When you reach the line containing "rewrite !ricci_proj_related => *; lra." in the entries below, begin reproducing lines exactly, and stop once the line containing "move=> hP hPh i" is done.

--- LISTED ENTRIES Enclosed Below ---

(* Let $U\subset N$ be a coordinate chart with coordinates $(x^1,x^2)$ on a surface with projective structure $[\nabla]$, and on $U\times\mathbb{R}_2$ with fibre coordinates $(\xi_1,\xi_2)$ associate to each torsion-free connection $\nabla\in[\nabla]$ with Christoffel symbols $\Gamma^k_{ij}$ and Schouten tensor $\mathrm{P}_{ij}$ the metric $$g_\nabla=\left(d\xi_i-\left(\Gamma_{ij}^k \xi_k -\xi_i\xi_j-\mathrm{P}_{ji}\right)dx^j\right)\odot dx^i .$$ This metric does not depend on the choice of connection in the projective class: if $\hat\nabla\in[\nabla]$ is related to $\nabla$ by $\hat{\Gamma}^i_{jk}=\Gamma^i_{jk}+\delta^i_j\Upsilon_k+\delta^i_k\Upsilon_j$ for a $1$-form $\Upsilon$, and the fibre coordinates are changed by $\hat\xi_i=\xi_i+\Upsilon_i$, then $g_{\hat\nabla}$ written in the coordinates $(x^i,\hat\xi_i)$ coincides with $g_\nabla$ written in the coordinates $(x^i,\xi_i)$.
   Context: A projective structure $[\nabla]$ on a surface $N$ is an equivalence class of torsion-free connections on $TN$ with the same unparametrised geodesics; two torsion-free connections are projectively equivalent iff their Christoffel symbols are related by $\hat{\Gamma}^i_{jk}=\Gamma^i_{jk}+\delta^i_j\Upsilon_k+\delta^i_k\Upsilon_j$ for some $1$-form $\Upsilon$. The curvature is defined by $[\nabla_i,\nabla_j]X^k=R_{ij}{}^k{}_lX^l$, and the (not necessarily symmetric) Schouten tensor $\mathrm{P}_{ij}$ is defined by the unique decomposition $R_{ij}{}^k{}_l=\delta_i{}^k\mathrm{P}_{jl}-\delta_j{}^k\mathrm{P}_{il}-2\mathrm{P}_{[ij]}\delta_l{}^k$. Indices run over $1,2$ with summation convention, and $\odot$ denotes the symmetric tensor product. The coordinates $\xi_i$ are affine fibre coordinates of (an affine chart in) the projectivised tractor bundle of $(N,[\nabla])$. *)

From HB Require Import structures.
From mathcomp Require Import all_boot all_order all_algebra.
From mathcomp Require Import all_classical all_reals all_analysis.
Set Implicit Arguments. Unset Strict Implicit. Unset Printing Implicit Defensive.
Import Order.TTheory GRing.Theory Num.Theory.
Import numFieldNormedType.Exports.
Local Open Scope ring_scope.
Local Open Scope classical_set_scope.

Definition kdelta (R : realType) (i j : 'I_2) : R := (i == j)%:R.

Definition pd (R : realType) (f : 'rV[R]_2 -> R) (l : 'I_2) (x : 'rV[R]_2) : R :=
  'D_(delta_mx 0 l) f x.

(* Christoffel symbols: Gam k i j = Gamma^k_{ij}, so that
   nabla_i X^k = d_i X^k + Gamma^k_{ij} X^j.
   Curvature [nabla_i, nabla_j] X^k = R_{ij}^k_l X^l :
   R_{ij}^k_l = d_i Gamma^k_{jl} - d_j Gamma^k_{il}
              + Gamma^k_{im} Gamma^m_{jl} - Gamma^k_{jm} Gamma^m_{il}. *)
Definition riem (R : realType) (Gam : 'I_2 -> 'I_2 -> 'I_2 -> 'rV[R]_2 -> R)
  (x : 'rV[R]_2) (i j k l : 'I_2) : R :=
  pd (Gam k j l) i x - pd (Gam k i l) j x
  + \sum_(m < 2) (Gam k i m x * Gam m j l x - Gam k j m x * Gam m i l x).

Definition is_schouten (R : realType) (U : set 'rV[R]_2)
  (Gam : 'I_2 -> 'I_2 -> 'I_2 -> 'rV[R]_2 -> R) (P : 'I_2 -> 'I_2 -> 'rV[R]_2 -> R) :=
  forall x, U x -> forall i j k l : 'I_2,
    riem Gam x i j k l
    = kdelta R i k * P j l x - kdelta R j k * P i l x - (P i j x - P j i x) * kdelta R l k.

Definition torsion_free (R : realType) (U : set 'rV[R]_2)
  (Gam : 'I_2 -> 'I_2 -> 'I_2 -> 'rV[R]_2 -> R) :=
  forall x, U x -> forall k i j : 'I_2, Gam k i j x = Gam k j i x.

Definition proj_related (R : realType) (U : set 'rV[R]_2)
  (Gam Gh : 'I_2 -> 'I_2 -> 'I_2 -> 'rV[R]_2 -> R) (Ups : 'I_2 -> 'rV[R]_2 -> R) :=
  forall x, U x -> forall i j k : 'I_2,
    Gh i j k x = Gam i j k x + kdelta R i j * Ups k x + kdelta R i k * Ups j x.

(* Tangent vectors to U x R_2 at a point (x, xi): pairs (v.1, v.2) with
   v.1 0 i = dx^i(v) and v.2 0 i = dxi_i(v). *)
Definition tvec (R : realType) := ('rV[R]_2 * 'rV[R]_2)%type.

Definition alpha (R : realType) (Gam : 'I_2 -> 'I_2 -> 'I_2 -> 'rV[R]_2 -> R)
  (P : 'I_2 -> 'I_2 -> 'rV[R]_2 -> R) (x xi : 'rV[R]_2) (i : 'I_2) (v : tvec R) : R :=
  v.2 0 i - \sum_(j < 2)
     ((\sum_(k < 2) Gam k i j x * xi 0 k) - xi 0 i * xi 0 j - P j i x) * v.1 0 j.

(* g_nabla = alpha_i (.) dx^i, with  a (.) b = (a (x) b + b (x) a)/2,
   evaluated at the point (x, xi) on the tangent vectors v, w. *)
Definition gmetric (R : realType) (Gam : 'I_2 -> 'I_2 -> 'I_2 -> 'rV[R]_2 -> R)
  (P : 'I_2 -> 'I_2 -> 'rV[R]_2 -> R) (x xi : 'rV[R]_2) (v w : tvec R) : R :=
  \sum_(i < 2) (alpha Gam P x xi i v * w.1 0 i + alpha Gam P x xi i w * v.1 0 i) / 2.

Definition fibre_shift (R : realType) (Ups : 'I_2 -> 'rV[R]_2 -> R) (x xi : 'rV[R]_2)
  : 'rV[R]_2 := xi + \row_(i < 2) Ups i x.

Definition dfibre_shift (R : realType) (Ups : 'I_2 -> 'rV[R]_2 -> R) (x : 'rV[R]_2)
  (v : tvec R) : tvec R :=
  (v.1, v.2 + \row_(i < 2) \sum_(j < 2) pd (Ups i) j x * v.1 0 j).

From HB Require Import structures.
From mathcomp Require Import all_boot all_order all_algebra.
From mathcomp Require Import all_classical all_reals all_analysis.
From mathcomp Require Import ring lra.
Import Order.TTheory GRing.Theory Num.Theory.
Import numFieldNormedType.Exports.
Local Open Scope ring_scope.
Local Open Scope classical_set_scope.

(* Under the change of connection and of fibre coordinates, the form
   alpha_i = dxi_i - (Gamma^k_ij xi_k - xi_i xi_j - P_ji) dx^j changes by
   T_ij dx^j with T_ij = nabla_j Ups_i - Ups_i Ups_j + Ph_ji - P_ji: the terms
   quadratic in xi and those in Ups_k xi cancel.  In dimension two the Schouten
   tensor is recovered from the contraction r_jl = R_kj^k_l = 2 P_jl - P_lj, and
   the classical transformation law of r under a projective change gives
   Ph_(ij) = P_(ij) - nabla_(i Ups_j) + Ups_i Ups_j for the symmetric parts.
   Hence T is skew, and it drops out of the symmetrised product alpha_i (.) dx^i. *)

Lemma sum_antisym_sym (R : numDomainType) (n : nat) (T c : 'I_n -> 'I_n -> R) :
  (forall i j, T i j = - T j i) -> (forall i j, c i j = c j i) ->
  \sum_(i < n) \sum_(j < n) T i j * c i j = 0.
Proof.
move=> Tanti csym; set S := (X in X = 0).
have : S = - S.
  rewrite {1}/S exchange_big -sumrN; apply: eq_bigr => i _.
  by rewrite -sumrN; apply: eq_bigr => j _; rewrite Tanti csym mulNr.
by move/eqP; rewrite -subr_eq0 opprK -mulr2n mulrn_eq0 => /orP[//|/eqP->].
Qed.

Lemma ord2_cases (i : 'I_2) : i = ord0 \/ i = lift ord0 ord0.
Proof. by case: i => -[|[|//]] Hi; [left|right]; apply: val_inj. Qed.

Lemma kdeltaxx (R : realType) (i : 'I_2) : kdelta R i i = 1.
Proof. by rewrite /kdelta eqxx. Qed.

Lemma sum_kdeltal (R : realType) (j : 'I_2) (F : 'I_2 -> R) :
  \sum_(k < 2) kdelta R j k * F k = F j.
Proof.
rewrite (bigD1 j) //= kdeltaxx mul1r big1 ?addr0 // => k.
by rewrite /kdelta eq_sym => /negbTE ->; rewrite mul0r.
Qed.

Definition ricci {R : realType} (Gam : 'I_2 -> 'I_2 -> 'I_2 -> 'rV[R]_2 -> R)
  (x : 'rV[R]_2) (j l : 'I_2) : R := \sum_(k < 2) riem Gam x k j k l.

Definition covd {R : realType} (Gam : 'I_2 -> 'I_2 -> 'I_2 -> 'rV[R]_2 -> R)
  (Ups : 'I_2 -> 'rV[R]_2 -> R) (x : 'rV[R]_2) (j i : 'I_2) : R :=
  pd (Ups i) j x - \sum_(k < 2) Gam k j i x * Ups k x.

Lemma schouten_ricci {R : realType} {U : set 'rV[R]_2}
    {Gam : 'I_2 -> 'I_2 -> 'I_2 -> 'rV[R]_2 -> R} {P : 'I_2 -> 'I_2 -> 'rV[R]_2 -> R} {x} :
  is_schouten U Gam P -> U x -> forall j l, ricci Gam x j l = 2 * P j l x - P l j x.
Proof.
move=> hP Ux j l; rewrite /ricci.
under eq_bigr => k _ do rewrite hP // kdeltaxx mul1r (mulrC _ (kdelta R l k)).
by rewrite !sumrB sumr_const card_ord !sum_kdeltal; ring.
Qed.

Definition alpha_defect {R : realType} (Gam : 'I_2 -> 'I_2 -> 'I_2 -> 'rV[R]_2 -> R)
    (P Ph : 'I_2 -> 'I_2 -> 'rV[R]_2 -> R) (Ups : 'I_2 -> 'rV[R]_2 -> R)
    (x : 'rV[R]_2) (i j : 'I_2) : R :=
  covd Gam Ups x j i - Ups i x * Ups j x + Ph j i x - P j i x.

Section ProjectiveChange.

Context {R : realType} {U : set 'rV[R]_2} {x : 'rV[R]_2}.
Hypotheses (oU : open U) (Ux : U x).
Context {Gam Gh : 'I_2 -> 'I_2 -> 'I_2 -> 'rV[R]_2 -> R}.
Context {P Ph : 'I_2 -> 'I_2 -> 'rV[R]_2 -> R} {Ups : 'I_2 -> 'rV[R]_2 -> R}.
Hypothesis dGam : forall k i j, differentiable (Gam k i j) x.
Hypothesis dUps : forall i, differentiable (Ups i) x.
Hypothesis tfGam : torsion_free U Gam.
Hypothesis rel : proj_related U Gam Gh Ups.

Lemma pd_eq_on_open (f g : 'rV[R]_2 -> R) l :
  (forall y, U y -> f y = g y) -> pd f l x = pd g l x.
Proof.
move=> fg; apply: near_eq_derive.
have : \forall y \near x, U y by apply: open_nbhs_nbhs.
by apply: filterS => y /fg.
Qed.

Lemma pd_proj_related i j k l : pd (Gh i j k) l x
  = pd (Gam i j k) l x + kdelta R i j * pd (Ups k) l x + kdelta R i k * pd (Ups j) l x.
Proof.
rewrite (@pd_eq_on_open _ ((Gam i j k + kdelta R i j \*o Ups k) + kdelta R i k \*o Ups j));
  last by move=> y Uy; rewrite rel.
rewrite /pd !deriveD ?deriveMl //; apply: diff_derivable.
all: by repeat apply: differentiableD; try apply: differentiableM.
Qed.

Lemma ricci_proj_related j l : ricci Gh x j l
  = ricci Gam x j l - 2 * covd Gam Ups x j l + covd Gam Ups x l j + Ups j x * Ups l x.
Proof.
rewrite /ricci /riem /covd !big_ord_recl !big_ord0 /= !pd_proj_related !(rel x Ux).
have [->|->] := ord2_cases j; have [->|->] := ord2_cases l; rewrite /kdelta /=.
all: try rewrite !(tfGam x Ux _ (lift ord0 ord0) ord0).
all: ring.
Qed.

Lemma schouten_sym_proj_related : is_schouten U Gam P -> is_schouten U Gh Ph ->
  forall j l, Ph j l x + Ph l j x
  = P j l x + P l j x - covd Gam Ups x j l - covd Gam Ups x l j + 2 * (Ups j x * Ups l x).
Proof.
move=> hP hPh j l.
have := schouten_ricci hP Ux j l; have := schouten_ricci hP Ux l j.
have := schouten_ricci hPh Ux j l; have := schouten_ricci hPh Ux l j.
rewrite !ricci_proj_related => *; lra.
Qed.

Lemma alpha_defect_antisym : is_schouten U Gam P -> is_schouten U Gh Ph ->
  forall i j, alpha_defect Gam P Ph Ups x i j = - alpha_defect Gam P Ph Ups x j i.
Proof.
move=> hP hPh i j; have := schouten_sym_proj_related hP hPh j i.
rewrite /alpha_defect => ?; lra.
Qed.

Lemma alpha_fibre_shift xi v i :
  alpha Gh Ph x (fibre_shift Ups x xi) i (dfibre_shift Ups x v)
  = alpha Gam P x xi i v + \sum_(j < 2) alpha_defect Gam P Ph Ups x i j * v.1 0 j.
Proof.
rewrite /alpha /fibre_shift /dfibre_shift /alpha_defect /covd /= !mxE.
rewrite !big_ord_recl !big_ord0 /= !(rel x Ux) !mxE.
have [->|->] := ord2_cases i; rewrite /kdelta /=.
all: rewrite !(tfGam x Ux _ (lift ord0 ord0) ord0).
all: ring.
Qed.

Lemma gmetric_fibre_shift xi v w :
  gmetric Gh Ph x (fibre_shift Ups x xi) (dfibre_shift Ups x v) (dfibre_shift Ups x w)
  = gmetric Gam P x xi v w
    + (\sum_(i < 2) \sum_(j < 2)
         alpha_defect Gam P Ph Ups x i j * (v.1 0 j * w.1 0 i + w.1 0 j * v.1 0 i)) / 2.
Proof.
rewrite /gmetric; under eq_bigr => i _ do rewrite !alpha_fibre_shift.
by rewrite !big_ord_recl !big_ord0 /=; ring.
Qed.

End ProjectiveChange.

Theorem theorem5p1 (R : realType) (U : set 'rV[R]_2) (hU : open U)
  (Gam Gh : 'I_2 -> 'I_2 -> 'I_2 -> 'rV[R]_2 -> R)
  (P Ph : 'I_2 -> 'I_2 -> 'rV[R]_2 -> R) (Ups : 'I_2 -> 'rV[R]_2 -> R)
  (dGam : forall k i j x, U x -> differentiable (Gam k i j) x)
  (dGh : forall k i j x, U x -> differentiable (Gh k i j) x)
  (dUps : forall i x, U x -> differentiable (Ups i) x)
  (tfGam : torsion_free U Gam)
  (rel : proj_related U Gam Gh Ups)
  (hP : is_schouten U Gam P) (hPh : is_schouten U Gh Ph) :
  forall x : 'rV[R]_2, U x -> forall (xi : 'rV[R]_2) (v w : tvec R),
    gmetric Gh Ph x (fibre_shift Ups x xi) (dfibre_shift Ups x v) (dfibre_shift Ups x w)
    = gmetric Gam P x xi v w.
Proof.
move=> x Ux xi v w.
have dGam_x k i j := dGam k i j x Ux; have dUps_x i := dUps i x Ux.
rewrite (gmetric_fibre_shift (P := P) Ux tfGam rel) sum_antisym_sym ?mul0r ?addr0 //.
- exact: (alpha_defect_antisym hU Ux dGam_x dUps_x tfGam rel hP hPh).
- by move=> i j; ring.
Qed.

--- End of Enclosed LISTED ENTRIES ---

*SOLUTION FOR THIS TASK*
rewrite !ricci_proj_related => *; lra.
Qed.

Lemma alpha_defect_antisym : is_schouten U Gam P -> is_schouten U Gh Ph ->
  forall i j, alpha_defect Gam P Ph Ups x i j = - alpha_defect Gam P Ph Ups x j i.
Proof.
move=> hP hPh i j; have := schouten_sym_proj_related hP hPh j i.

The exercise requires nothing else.